(ASSIGNMENT): Using the records below, transcribe word for word the stretch from the line that contains "by rewrite -[nth" through the line that contains "apply/subset_leq_card/subsetP => w /bigcupP[i", both end lines included, and nothing else.

═════ THE DATA

Lemma size_index_seq : size index_seq = p + r + 3.
Proof. by rewrite size_cat /= !size_iota; lia. Qed.

Lemma nth_index_seq_lo j : j <= p -> nth 0 index_seq j = j.
Proof. by move=> jp; rewrite nth_cat size_iota ltnS jp nth_iota. Qed.

Lemma nth_index_seq_mid : nth 0 index_seq p.+1 = m.
Proof. by rewrite nth_cat size_iota ltnn subnn. Qed.

Lemma nth_index_seq_hi i : i <= r -> nth 0 index_seq (p.+2 + (r - i)) = 2 * m - i.
Proof.
move=> ir; rewrite nth_cat size_iota ifF; last lia.
have -> : p.+2 + (r - i) - p.+1 = (r - i).+1 by lia.
by rewrite -[nth _ _ _.+1]/(nth 0 (iota (2 * m - r) r.+1) (r - i)) nth_iota; lia.
Qed.

Lemma nth_index_seq_top : nth 0 index_seq p.+2 = 2 * m - r.
Proof. by have := nth_index_seq_hi (leqnn r); rewrite subnn addn0. Qed.
End IndexSeq.

Lemma cross_sum_div_le (R : realFieldType) (x y x' y' c : R) :
  (0 <= c -> 0 <= x -> 0 <= y -> x' <= c * x -> y' <= c * y ->
  (x * y' + x' * y) / (x * y) <= 2 * c)%R.
Proof.
move=> c_ge0 x_ge0 y_ge0 hx hy.
have [xy0 | xy_neq0] := eqVneq (x * y)%R 0%R.
  by rewrite xy0 invr0 mulr0 mulr_ge0.
have xy_gt0 : (0 < x * y)%R by rewrite lt_def xy_neq0 mulr_ge0.
by rewrite ler_pdivrMr //; nra.
Qed.

Section Pruning.
Variables (T : finType) (part : T -> nat * nat) (E : {set {set T}}).
Variables (g1 g2 : nat -> nat -> T) (m : nat).
Local Notation far i := (2 * m - i).

Definition right_nbs r j := [set w | right_nb part E (g1 j (far r)) w j m (far r)].
Definition left_nbs p i := [set w | left_nb part E (g2 p (far i)) w p m (far i)].
Definition new_right_nbs p r := right_nbs r p :\: \bigcup_(j < p) right_nbs r j.
Definition new_left_nbs p r := left_nbs p r :\: \bigcup_(i < r) left_nbs p i.

Lemma sum_new_right_nbs r :
  \sum_(p < m) #|new_right_nbs p r| <= #|Vpart part m (far r)|.
Proof.
rewrite (sum_card_setD_bigcup (right_nbs r)).
apply/subset_leq_card/subsetP => w /bigcupP[j _]; rewrite inE.
exact: right_nb_Vpart.
Qed.

Lemma sum_new_left_nbs p :
  \sum_(r < m) #|new_left_nbs p r| <= #|Vpart part p m|.
Proof.
rewrite (sum_card_setD_bigcup (left_nbs p)).
apply/subset_leq_card/subsetP => w /bigcupP[i _]; rewrite inE.
exact: left_nb_Vpart.
Qed.

Variables p r : nat.
Hypotheses (p_lt_m : p < m) (r_lt_m : r < m).
Local Notation s := (index_seq p m r).

Definition gamma_consistent (e : {set T}) : bool :=
  ((g1 p (far r) \in e) ==>
     (e :&: Vpart part m (far r) \subset \bigcup_(j < p) right_nbs r j)) &&
  ((g2 p (far r) \in e) ==>
     (e :&: Vpart part p m \subset \bigcup_(i < r) left_nbs p i)).

Definition pruned : {set {set T}} :=
  [set e in E | within_index part s e &&
                (triadb part e p m (far r) ==> gamma_consistent e)].

Lemma pruned_sub : pruned \subset E.
Proof. by apply/subsetP => e; rewrite inE => /andP[]. Qed.

Lemma subhypergraph_pruned : subhypergraph part s E pruned.
Proof.
split; first exact: pruned_sub.
by move=> e; rewrite inE => /and3P[_ /within_indexP].
Qed.

Lemma pruned_off_special e a b c :
  a \in s -> b \in s -> c \in s -> (a, b, c) != (p, m, far r) ->
  e \in E -> triadb part e a b c -> e \in pruned.
Proof.
move=> aS bS cS abc eE te; rewrite inE eE /=; apply/andP; split.
  by apply/within_indexP; exists a, b, c.
by apply/implyP => /(triad_indices_uniq te) abcE; rewrite abcE eqxx in abc.
Qed.

Lemma special_triad_within e : triadb part e p m (far r) -> within_index part s e.
Proof.
move=> te; apply/within_indexP; exists p, m, (far r).
by rewrite !mem_index_seq //; split=> //; lia.
Qed.

Lemma card_pruned_through v : v \in Vpart part p (far r) ->
  #|[set e in E :\: pruned | (v \in e) && triadb part e p m (far r)]|
    <= #|Vpart part p m| * #|new_right_nbs p r|
       + #|new_left_nbs p r| * #|Vpart part m (far r)|.
Proof.
rewrite inE => /eqP pv.
apply: leq_trans (leq_add (card_triad_edges_through m (Vpart part p m)
                             (new_right_nbs p r) pv)
                          (card_triad_edges_through m (new_left_nbs p r)
                             (Vpart part m (far r)) pv)).
apply: leq_trans (leq_card_setU _ _); apply/subset_leq_card/subsetP => e.
rewrite !inE => /andP[/andP[e_notin eE] /andP[ve te]].
rewrite ve te !subsetIr /= andbT.
have /and5P[_ _ _ /cards1P[x ex] /andP[_ /cards1P[y ey]]] := te.
have [xe xV] : x \in e /\ x \in Vpart part p m.
  by apply/andP; rewrite -in_setI ex set11.
have [ye yV] : y \in e /\ y \in Vpart part m (far r).
  by apply/andP; rewrite -in_setI ey set11.
move: e_notin; rewrite eE special_triad_within // te /= negb_and !negb_imply.
rewrite ex ey !sub1set !inE => /orP[/andP[g1e y_new] | /andP[g2e x_new]].
- by rewrite y_new /=; apply/orP; left; apply/exists_inP; exists e; rewrite ?te ?g1e ?ye.
- by apply/orP; right; rewrite x_new /=; apply/exists_inP; exists e; rewrite ?te ?g2e ?xe.
Qed.

Lemma deg_pruned (R : realType) (c : R) v : (0 <= c)%R ->
  (#|new_right_nbs p r|%:R <= c * #|Vpart part m (far r)|%:R)%R ->
  (#|new_left_nbs p r|%:R <= c * #|Vpart part p m|%:R)%R ->
  v \in Vpart part p (far r) ->
  (deg part E v p m (far r) - deg part pruned v p m (far r) <= 2 * c)%R.
Proof.
move=> c_ge0 right_small left_small vV.
apply: le_trans (deg_diff_le R pruned_sub (card_pruned_through vV)) _.
by rewrite natrD !natrM cross_sum_div_le.
Qed.

Lemma right_nb_pruned w :
  right_nb part pruned (g1 p (far r)) w p m (far r) ->
  exists2 j, j < p & right_nb part pruned (g1 j (far r)) w j m (far r).
Proof.
case/exists_inP=> e e_pruned /and4P[te g1e we wV].
move: e_pruned; rewrite inE te /= => /and3P[_ _ /andP[/implyP/(_ g1e) e_sub _]].
have /bigcupP[j _] : w \in \bigcup_(j < p) right_nbs r j.
  by apply: (subsetP e_sub); rewrite inE we.
rewrite inE => w_nb; exists j => //; apply: right_nb_sub w_nb => e' e'E te'.
have j_lt_p := ltn_ord j.
apply: (pruned_off_special _ _ _ _ e'E te'); rewrite ?mem_index_seq //; try lia.
by apply/eqP => -[]; lia.
Qed.

Lemma left_nb_pruned w :
  left_nb part pruned (g2 p (far r)) w p m (far r) ->
  exists2 i, i < r & left_nb part pruned (g2 p (far i)) w p m (far i).
Proof.
case/exists_inP=> e e_pruned /and4P[te g2e we wV].
move: e_pruned; rewrite inE te /= => /and3P[_ _ /andP[_ /implyP/(_ g2e) e_sub]].
have /bigcupP[i _] : w \in \bigcup_(i < r) left_nbs p i.
  by apply: (subsetP e_sub); rewrite inE we.
rewrite inE => w_nb; exists i => //; apply: left_nb_sub w_nb => e' e'E te'.
have i_lt_r := ltn_ord i.
apply: (pruned_off_special _ _ _ _ e'E te'); rewrite ?mem_index_seq //; try lia.
by apply/eqP => -[]; lia.
Qed.
End Pruning.

Local Open Scope ring_scope.

Theorem lemma5p8 (R : realType) (eps : R) :
  0 < eps ->
  exists N : nat,
  forall (T : finType) (part : T -> nat * nat) (E : {set {set T}})
         (g1 g2 : nat -> nat -> T),
  partitioned_hypergraph part N E ->
  (forall i j, (i < j < N)%N ->
     g1 i j \in Vpart part i j /\ g2 i j \in Vpart part i j) ->
  exists (s : seq nat) (k : nat) (E0 : {set {set T}}),
  [/\ sorted ltn s, all (fun i => (i < N)%N) s, (k + 2 < size s)%N &
      subhypergraph part s E E0] /\
  [/\
      (forall a b c, a \in s -> b \in s -> c \in s ->
         (a, b, c) != (nth 0%N s k, nth 0%N s k.+1, nth 0%N s k.+2) ->
         forall e, (e \in E0) && triadb part e a b c =
                   (e \in E) && triadb part e a b c),
      (* (b) *)
      (forall v, v \in Vpart part (nth 0%N s k) (nth 0%N s k.+2) ->
         deg part E v (nth 0%N s k) (nth 0%N s k.+1) (nth 0%N s k.+2)
         - deg part E0 v (nth 0%N s k) (nth 0%N s k.+1) (nth 0%N s k.+2)
         <= eps),
      (* (c) *)
      (forall w, right_nb part E0 (g1 (nth 0%N s k) (nth 0%N s k.+2)) w
                   (nth 0%N s k) (nth 0%N s k.+1) (nth 0%N s k.+2) ->
         exists2 j, (j < k)%N &
           right_nb part E0 (g1 (nth 0%N s j) (nth 0%N s k.+2)) w
                   (nth 0%N s j) (nth 0%N s k.+1) (nth 0%N s k.+2)) &
      (* (d) *)
      (forall w, left_nb part E0 (g2 (nth 0%N s k) (nth 0%N s k.+2)) w
                   (nth 0%N s k) (nth 0%N s k.+1) (nth 0%N s k.+2) ->
         exists2 j, (k.+2 < j < size s)%N &
           left_nb part E0 (g2 (nth 0%N s k) (nth 0%N s j)) w
                   (nth 0%N s k) (nth 0%N s k.+1) (nth 0%N s j))].
Proof.
move=> eps_gt0; pose c := eps / 2; have c_gt0 : 0 < c by rewrite divr_gt0.
pose t := Num.Def.archi_bound c^-1.
have ct : 1 <= c * t%:R.
  rewrite -ler_pdivrMl // mulr1; apply/ltW/archi_boundP.
  by rewrite invr_ge0 ltW.
pose m := (2 * t).+1; exists (2 * m).+1 => T part E g1 g2 _ _.
have [p [r /andP[]]] := exists_pair_avoiding (ltnSn (2 * t))
  (fun r => markov_card c_gt0 ct (sum_new_right_nbs part E g1 m r))
  (fun p => markov_card c_gt0 ct (sum_new_left_nbs part E g2 m p)).
rewrite -!leNgt => right_small left_small.
have [p_lt_m r_lt_m] : (p < m)%N /\ (r < m)%N by [].
exists (index_seq p m r), p, (pruned part E g1 g2 m p r).
rewrite nth_index_seq_lo // nth_index_seq_mid nth_index_seq_top //.
split; first split.
- exact: index_seq_sorted.
- exact: index_seq_bounded.
- by rewrite size_index_seq; lia.
- exact: subhypergraph_pruned.
split.
- move=> a b c' aS bS cS abc e; apply/andP/andP => -[eE te]; split=> //.
    exact: (subsetP (pruned_sub part E g1 g2 m p r)).
  exact: (pruned_off_special g1 g2 aS bS cS abc eE te).
- move=> v vV; have -> : eps = 2 * c by rewrite /c mulrC divfK // pnatr_eq0.
  exact: (deg_pruned _ _ (ltW c_gt0) right_small left_small vV).
- move=> w /(right_nb_pruned p_lt_m r_lt_m)[j j_lt_p w_nb]; exists j => //.
  by rewrite nth_index_seq_lo // ltnW.
- move=> w /(left_nb_pruned p_lt_m r_lt_m)[i i_lt_r w_nb]; exists (p.+2 + (r - i))%N.
    by rewrite size_index_seq; lia.
  by rewrite nth_index_seq_hi // ltnW.
Qed.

══════════

(ANSWER SECTION):
by rewrite -[nth _ _ _.+1]/(nth 0 (iota (2 * m - r) r.+1) (r - i)) nth_iota; lia.
Qed.

Lemma nth_index_seq_top : nth 0 index_seq p.+2 = 2 * m - r.
Proof. by have := nth_index_seq_hi (leqnn r); rewrite subnn addn0. Qed.
End IndexSeq.

Lemma cross_sum_div_le (R : realFieldType) (x y x' y' c : R) :
  (0 <= c -> 0 <= x -> 0 <= y -> x' <= c * x -> y' <= c * y ->
  (x * y' + x' * y) / (x * y) <= 2 * c)%R.
Proof.
move=> c_ge0 x_ge0 y_ge0 hx hy.
have [xy0 | xy_neq0] := eqVneq (x * y)%R 0%R.
  by rewrite xy0 invr0 mulr0 mulr_ge0.
have xy_gt0 : (0 < x * y)%R by rewrite lt_def xy_neq0 mulr_ge0.
by rewrite ler_pdivrMr //; nra.
Qed.

Section Pruning.
Variables (T : finType) (part : T -> nat * nat) (E : {set {set T}}).
Variables (g1 g2 : nat -> nat -> T) (m : nat).
Local Notation far i := (2 * m - i).

Definition right_nbs r j := [set w | right_nb part E (g1 j (far r)) w j m (far r)].
Definition left_nbs p i := [set w | left_nb part E (g2 p (far i)) w p m (far i)].
Definition new_right_nbs p r := right_nbs r p :\: \bigcup_(j < p) right_nbs r j.
Definition new_left_nbs p r := left_nbs p r :\: \bigcup_(i < r) left_nbs p i.

Lemma sum_new_right_nbs r :
  \sum_(p < m) #|new_right_nbs p r| <= #|Vpart part m (far r)|.
Proof.
rewrite (sum_card_setD_bigcup (right_nbs r)).
apply/subset_leq_card/subsetP => w /bigcupP[j _]; rewrite inE.
exact: right_nb_Vpart.
Qed.

Lemma sum_new_left_nbs p :
  \sum_(r < m) #|new_left_nbs p r| <= #|Vpart part p m|.
Proof.
rewrite (sum_card_setD_bigcup (left_nbs p)).
apply/subset_leq_card/subsetP => w /bigcupP[i _]; rewrite inE.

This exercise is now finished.